Increasingly, educational institutions and state entities handling student data are hiring outside companies to perform cloud computing functions related to managing personal information.

The benefits of cloud computing are that outside entities might be more sophisticated at managing personal data. These entities may be able to manage data more inexpensively and effectively than the educational institution could do itself. In many cases, cloud computing providers can provide better security than the educational institutions can.

The risks of cloud computing are that educational institutions no longer have as much control over the personal data. They must rely on the cloud computing provider to have the appropriate practices and policies to ensure that data is properly maintained, handled, used, or disclosed.

One risk is that a cloud computing provider can outsource some functions to countries that have little to no legal privacy protections. In one instance, a university medical center outsourced transcription of its medical records to a company in California, which then subcontracted with a person in Florida, who subcontracted with a person in Texas, who ultimately subcontracted with a person in Pakistan. The person in Pakistan wasn’t paid by the person in Texas, so she wrote to the medical center and threatened that she would expose all the records unless the medical center got involved and made the Texas person pay. This example illustrates how easy it is to lose control over information when it is outsourced.

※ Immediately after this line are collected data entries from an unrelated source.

(* Let $\mathcal G$ be a weighted timed game and $\rho=(s_1,r_1)\xrightarrow{\delta_1}(s_2,r_2)\xrightarrow{\delta_2}\cdots\xrightarrow{\delta_n}(s_{n+1},r_{n+1})=(s_1,r_1)$ a cycle of the region automaton $\mathcal R(\mathcal G)$. Let $\overline\pi=(s_1,\nu_0)\xrightarrow{d_1,\delta_1}(s_2,\nu_1)\cdots\xrightarrow{d_n,\delta_n}(s_1,\nu_n)$ be a finite play of the closed game $\overline{\mathcal G}$ following $\overline\rho$ and jumping from corners to corners, with $\nu_0,\nu_n$ corners of $r_1$. Then for every $\varepsilon>0$ there exists a finite play $\pi$ of $\mathcal G$ following $\rho$ such that $|\omega(\pi)-\omega(\overline\pi)|\le\varepsilon$.
   Context: Clocks $X$, valuations $\nu\colon X\to\mathbb R_{\ge0}$, time elapse $\nu+d$, reset $\nu[Y\leftarrow0]$; guards are conjunctions of $x\bowtie c$ with ${\bowtie}\in\{\le,<,=,>,\ge\}$, $c\in\mathbb N$. A weighted timed game $\mathcal G=\langle S=S_{\mathrm{Min}}\uplus S_{\mathrm{Max}},S_T,\Delta,\omega\rangle$ has finite states, finite transitions $\Delta\subseteq S\times\mathrm{Guards}(X)\times2^X\times S$, weights $\omega\colon\Delta\uplus S\to\mathbb Z$, and clocks bounded by $M\in\mathbb N$ (every guard implies $\nu(x)\le M$ for all $x$). A step $(s,\nu)\xrightarrow{d,\delta}(s',\nu')$ with $\delta=(s,g,Y,s')$ requires $d\ge0$, $\nu+d\models g$, $\nu'=(\nu+d)[Y\leftarrow0]$, and has weight $d\,\omega(s)+\omega(\delta)$; the weight $\omega(\cdot)$ of a finite play is the sum of its step weights. Regions: standard Alur–Dill regions for clocks $X$ and constant $M$; $[\nu]$ is the region of $\nu$; $\overline r$ is the topological closure of $r$; the corners of $r$ are the valuations in $\overline r\cap\mathbb N^X$. The region automaton $\mathcal R(\mathcal G)$ has states $(s,r)$ and transitions $(s,r)\xrightarrow{\delta}(s',r')$, $\delta=(s,g,Y,s')$, if some $\nu\in r$, $d\ge0$ satisfy $\nu+d\models g$ and $(\nu+d)[Y\leftarrow0]\in r'$; a cycle is a path whose first and last states coincide. A play of $\mathcal G$ follows a path if it fires the same transitions and its successive configurations $(s,\nu)$ have $(s,[\nu])$ equal to the successive states of the path. The closed game $\overline{\mathcal G}$ is $\mathcal G$ with every strict inequality in guards replaced by the corresponding non-strict one. The play $\overline\pi$ of $\overline{\mathcal G}$ follows $\overline\rho$ and jumps from corners to corners if, for each $i\in\{1,\dots,n\}$, writing $\delta_i=(s_i,g_i,Y_i,s_{i+1})$, there is a region $r_i''$ such that some valuation of $r_i$ reaches $r_i''$ by time elapse, $r_i''$ satisfies $g_i$, $r_i''[Y_i\leftarrow0]=r_{i+1}$, and $\nu_{i-1}\in\overline{r_i}$, $\nu_{i-1}+d_i\in\overline{r_i''}$, $\nu_i\in\overline{r_{i+1}}$, with all valuations $\nu_{i-1},\nu_{i-1}+d_i,\nu_i$ in $\mathbb N^X$ (hence $\omega(\overline\pi)\in\mathbb Z$). *)

(* clocks X and states S are abstract types (finiteness stated as
   hypotheses), valuations are X -> R (Stdlib reals). *)
From Stdlib Require Import Reals Lra List ZArith.
Open Scope R_scope.

Set Implicit Arguments.

Definition valuation (X : Type) := X -> R.

Definition elapse {X : Type} (v : valuation X) (d : R) : valuation X :=
  fun x => v x + d.
Definition reset {X : Type} (v : valuation X) (Y : X -> bool) : valuation X :=
  fun x => if Y x then 0 else v x.

Inductive cmp := CLt | CLe | CEq | CGe | CGt.

Definition guard (X : Type) := list (X * cmp * nat).

Definition sat_atom {X : Type} (v : valuation X) (a : X * cmp * nat) : Prop :=
  let '(x, o, c) := a in
  match o with
  | CLt => v x < INR c
  | CLe => v x <= INR c
  | CEq => v x = INR c
  | CGe => v x >= INR c
  | CGt => v x > INR c
  end.

Definition sat {X : Type} (g : guard X) (v : valuation X) : Prop :=
  forall a, In a g -> sat_atom v a.

Definition close_cmp (o : cmp) : cmp :=
  match o with CLt => CLe | CGt => CGe | o => o end.
Definition close_guard {X : Type} (g : guard X) : guard X :=
  map (fun '(x, o, c) => (x, close_cmp o, c)) g.

Record trans (X St : Type) := Trans {
  tsrc : St; tguard : guard X; treset : X -> bool; tdst : St }.

(* weighted timed game; the partition S = S_Min + S_Max is given by [is_min],
   targets by [is_target]; [bound] is the clock bound M *)
Record wtg (X St : Type) := WTG {
  is_min : St -> bool;
  is_target : St -> bool;
  Delta : list (trans X St);
  wtrans : trans X St -> Z;
  wstate : St -> Z;
  bound : nat }.

Definition well_formed {X St : Type} (G : wtg X St) : Prop :=
  (exists l : list St, forall s, In s l) /\
  (forall t, In t (Delta G) -> forall v, sat (tguard t) v ->
     forall x, v x <= INR (bound G)).

Definition floorR (a : R) : Z := Int_part a.
Definition fracR (a : R) : R := frac_part a.

Definition nonneg {X : Type} (v : valuation X) : Prop := forall x, 0 <= v x.

Definition region_equiv {X : Type} (M : nat) (v v' : valuation X) : Prop :=
  (forall x,
     (v x > INR M /\ v' x > INR M) \/
     (floorR (v x) = floorR (v' x) /\ (fracR (v x) = 0 <-> fracR (v' x) = 0))) /\
  (forall x y, v x <= INR M -> v y <= INR M ->
     (fracR (v x) <= fracR (v y) <-> fracR (v' x) <= fracR (v' y))).

Definition region (X : Type) := valuation X -> Prop.

Definition is_region {X : Type} (M : nat) (r : region X) : Prop :=
  exists v, nonneg v /\ forall v', r v' <-> (nonneg v' /\ region_equiv M v v').

Definition closure {X : Type} (r : region X) (v : valuation X) : Prop :=
  forall e, e > 0 -> exists v', r v' /\ forall x, Rabs (v x - v' x) < e.

Definition integral {X : Type} (v : valuation X) : Prop :=
  forall x, exists k : nat, v x = INR k.

Definition corner {X : Type} (r : region X) (v : valuation X) : Prop :=
  closure r v /\ integral v.

Definition region_trans {X St : Type} (G : wtg X St)
  (s : St) (r : region X) (t : trans X St) (s' : St) (r' : region X) : Prop :=
  In t (Delta G) /\ tsrc t = s /\ tdst t = s' /\
  exists v d, r v /\ d >= 0 /\ sat (tguard t) (elapse v d) /\
              r' (reset (elapse v d) (treset t)).

Definition is_cycle {X St : Type} (G : wtg X St) (n : nat)
  (s : nat -> St) (r : nat -> region X) (t : nat -> trans X St) : Prop :=
  (forall i, (i <= n)%nat -> is_region (bound G) (r i)) /\
  (forall i, (i < n)%nat -> region_trans G (s i) (r i) (t i) (s (S i)) (r (S i))) /\
  s n = s O /\ r n = r O.

Definition step_guard {X St : Type} (closed : bool) (t : trans X St) : guard X :=
  if closed then close_guard (tguard t) else tguard t.

Definition step {X St : Type} (G : wtg X St) (closed : bool)
  (s : St) (v : valuation X) (d : R) (t : trans X St) (s' : St) (v' : valuation X) : Prop :=
  In t (Delta G) /\ tsrc t = s /\ tdst t = s' /\ d >= 0 /\
  sat (step_guard closed t) (elapse v d) /\ v' = reset (elapse v d) (treset t).

Definition is_play {X St : Type} (G : wtg X St) (closed : bool) (n : nat)
  (s : nat -> St) (t : nat -> trans X St) (nu : nat -> valuation X) (d : nat -> R) : Prop :=
  forall i, (i < n)%nat -> step G closed (s i) (nu i) (d i) (t i) (s (S i)) (nu (S i)).

Fixpoint play_weight {X St : Type} (G : wtg X St) (n : nat)
  (s : nat -> St) (t : nat -> trans X St) (d : nat -> R) : R :=
  match n with
  | O => 0
  | S m => play_weight G m s t d + (d m * IZR (wstate G (s m)) + IZR (wtrans G (t m)))
  end.

Definition follows {X : Type} (n : nat) (r : nat -> region X) (nu : nat -> valuation X) : Prop :=
  forall i, (i <= n)%nat -> r i (nu i).

Definition follows_corners {X St : Type} (G : wtg X St) (n : nat)
  (r : nat -> region X) (t : nat -> trans X St) (nu : nat -> valuation X) (d : nat -> R) : Prop :=
  forall i, (i < n)%nat ->
    exists r'' : region X,
      is_region (bound G) r'' /\
      (exists v e, r i v /\ e >= 0 /\ r'' (elapse v e)) /\
      (forall v, r'' v -> sat (tguard (t i)) v) /\
      (forall v', r (S i) v' <-> exists v, r'' v /\ v' = reset v (treset (t i))) /\
      closure (r i) (nu i) /\ closure r'' (elapse (nu i) (d i)) /\
      closure (r (S i)) (nu (S i)) /\
      integral (nu i) /\ integral (elapse (nu i) (d i)) /\ integral (nu (S i)).

From Pilot Require Import Defs.
From Stdlib Require Import Reals List ZArith Lra Lia.
From Stdlib Require Import FunctionalExtensionality Classical ClassicalEpsilon.
Open Scope R_scope.

(* Near an integral valuation c, the region containing c + u, for u small, only
   depends on how the coordinates of u are ordered among themselves and relative
   to 0.  A point of a region r can be slid towards a corner c of r along the segment
   without leaving r; doing so with the same ratio to a step of G yields, for each
   transition of the corner play, a step of G from near c to near c + d.
   The play of G is built transition by transition.  If its valuation is c + g with
   |g| <= k, the delay d + h is chosen so that -h sits among the coordinates of g as
   the delay offset of the scaled step sits among the coordinates of its start; then
   the elapsed valuation lies in the region of the scaled one.  This is possible with
   |h| <= 2k, so the distance to the corner play at most triples per transition, and
   delays, hence weights, stay as close as wanted if the play starts close enough to
   the first corner. *)

Lemma floorR_spec (a : R) : IZR (floorR a) <= a < IZR (floorR a) + 1.
Proof. unfold floorR. destruct (base_Int_part a). lra. Qed.

Lemma floorR_unique (a : R) (z : Z) : IZR z <= a < IZR z + 1 -> floorR a = z.
Proof.
  intro Hz. pose proof (floorR_spec a).
  assert (H1 : IZR z < IZR (floorR a + 1)) by (rewrite plus_IZR; lra).
  assert (H2 : IZR (floorR a) < IZR (z + 1)) by (rewrite plus_IZR; lra).
  apply lt_IZR in H1, H2. lia.
Qed.

Lemma fracR_floor (a : R) : fracR a = a - IZR (floorR a).
Proof. reflexivity. Qed.

Lemma fracR_unique (a : R) (z : Z) : IZR z <= a < IZR z + 1 -> fracR a = a - IZR z.
Proof. intro Hz. rewrite fracR_floor, (floorR_unique a z Hz). reflexivity. Qed.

There are benefits and risks to cloud computing, but the benefits can be enhanced and the risks greatly reduced if educational institutions take care and vigilance in selecting cloud computing providers and in monitoring the relationship to ensure that the provider is adequately protecting the data.

The Family Educational Rights and Privacy Act (FERPA) unfortunately provides little guidance about the selection of cloud providers and the management of these relationships. According to Department of Education, “nothing in FERPA prevents an educational institution from contracting with a person or entity outside the institution to perform services that the institution would otherwise provide for itself.” FERPA merely requires one condition – that “the party to whom the information is disclosed will not disclose the information to any other party without the prior consent of the parent or eligible student.”

But there are many other important responsibilities for cloud computing providers that FERPA ignores, such as providing for appropriate security and having an adequate accountability architecture in place. That architecture consists of having officials responsible for the privacy and security of the data (data stewards), doing routine assessments of risks, having a meaningful system of oversight and monitoring to ensure compliance, and having a training program for employees to minimize security lapses and mistakes. I provide such training programs through my company, TeachPrivacy, and I am doing so because I am a strong believer that education can work. Many privacy and security incidents are caused not be technical issues but by the human factor – the small errors people make out of carelessness or ignorance that can lead to big problems. Educational institutions should insist on cloud computing providers that provide such education – after all, educational institutions should be ardent believers in education.

Prior to engaging in business with a cloud computing provider, an educational institution should conduct due diligence on the provider and make sure that the provider has a good reputation and good privacy and security practices. The educational institution should ask the provider for details about how it stores the data, how it protects the data, and where that data is stored, as the data might be stored in a country where the government can access data without adequate restrictions.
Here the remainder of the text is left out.